Monday, January 30, 2012

One Per Cent - Smarter password checker lets you compare with others

Jacob Aron, technology reporter
(Image: Caroline Morley)

Signing up to an online service inevitably means entering a password - hopefully a brand new one you've just randomly generated, but more likely the same one you use on every single website, even though you know you're not supposed to.
Most sign-up forms these days use password strength checkers in an effort to beef up security, displaying "weak", "medium" or "strong" depending on how easy it is to crack your password, but it turns out these can actually be misleading - "Password1" is stronger than "password", but is still easily guessed by an attacker because it is so widely used.
That is why researchers at INRIA in Rocquencourt, France and Ruhr University Bochum in Germany have come up with a more advanced strength checker that rates passwords relative to those already stored in a site's database.

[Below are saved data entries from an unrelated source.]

Lemma min_excess_canon D k : min_excess D k ->
  min_excess (fun x => canon x - D x) (k - degree D + ((m * n)%N%:Z - (m + n)%N%:Z)).
Proof.
move=> [[D' [pi [pi_inj D_D' exc_k]]] exc_min].
have opp_inj pi0 : injective pi0 -> injective (fun y => - pi0 y).
  by move=> pi0_inj x y /oppr_inj /pi0_inj.
split.
  exists (fun x => canon x - D' x), (fun y => - pi y); split; first exact: opp_inj.
    exact: topp_equiv_canon.
  by rewrite excess_canon // exc_k (topp_equiv_degree D_D').
move=> D'' pi' pi'_inj KD_D''.
have D_KD'' : topp_equiv D (fun x => canon x - D'' x).
  by have := topp_equiv_canon KD_D''; rewrite canonK.
have := exc_min _ _ (opp_inj _ pi'_inj) D_KD''.
rewrite excess_canon // -(topp_equiv_degree KD_D'') degreeB degree_canon; lia.
Qed.

Lemma riemann_roch D r : has_rank D r ->
  has_rank (fun x => canon x - D x) (r - degree D + ((m * n)%N%:Z - (m + n)%N%:Z)).
Proof.
move=> /has_rank_min_excess /min_excess_canon /min_excess_has_rank.
by have -> : forall a b c : int, a + 1 - b + c - 1 = a - b + c by move=> *; ring.
Qed.

End RiemannRoch.

Section Relabelling.
Variables m n : nat.
Local Notation V := (vert m n).
Local Notation cfg := (config m n).
Implicit Types (u v : cfg) (s : V -> V).

Definition graph_aut s := [/\ bijective s, forall x y, adj (s x) (s y) = adj x y,
  forall x, gdeg (s x) = gdeg x & forall x, is_sink (s x) = is_sink x].

Lemma graph_aut_inv s : graph_aut s -> exists t, [/\ graph_aut t, cancel s t & cancel t s].
Proof.
case=> [[t st ts] s_adj s_gdeg s_sink]; exists t; split => //; split.
- by exists s.
- by move=> x y; rewrite -s_adj !ts.
- by move=> x; rewrite -s_gdeg ts.
- by move=> x; rewrite -s_sink ts.
Qed.

Lemma Delta_aut s c c' : graph_aut s -> Delta (s c) (s c') = Delta c c'.
Proof.
by case=> [[t st _] s_adj s_gdeg _]; rewrite /Delta s_adj s_gdeg (inj_eq (can_inj st)).
Qed.

Lemma topp_equiv_aut s u v : graph_aut s -> topp_equiv u v ->
  topp_equiv (fun x => u (s x)) (fun x => v (s x)).
Proof.
move=> s_aut [z Hz]; exists (fun x => z (s x)) => c'; rewrite Hz.
case: (s_aut) => [[t st _] _ _ _].
by rewrite (reindex_inj (can_inj st)) /=; apply: eq_bigr => c _; rewrite Delta_aut.
Qed.

Lemma effective_aut s u : graph_aut s -> effective u -> effective (fun x => u (s x)).
Proof.
move=> s_aut [w [w_ge0 u_w]]; exists (fun x => w (s x)); split => [x|]; first exact: w_ge0.
exact: topp_equiv_aut.
Qed.

Lemma degree_aut s u : graph_aut s -> degree (fun x => u (s x)) = degree u.
Proof.
by case=> [[t st _] _ _ _]; rewrite /degree [in RHS](reindex_inj (can_inj st)).
Qed.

Rather than vague strength messages, their system can tell users their password is amongst the weakest 5 per cent on the site, encouraging them to try again with a stronger alternative.
Instead of following simple rules for password strength, such as checking the length or number of special characters, the new scheme looks at each sequence of characters within your password and compares them to the site's database to see how often those sequences occur in other passwords.
For example, the sequence "12345" is likely to occur in many different passwords, so adding the sequence to your own password adds little security. On the other hand, the sequence "t5)Vf" is much less likely, so a password including it will be more secure.
Comparing your password to others does seem potentially risky though - after all, we are told to never tell them to anyone. The researchers avoid that by never using an entire password for the comparisons, only sequences of a certain length. They also add a certain amount of noise to the sequences, which doesn't seriously change the checking scheme but is enough to make it hard for database-stealing hackers to reconstruct a valid password.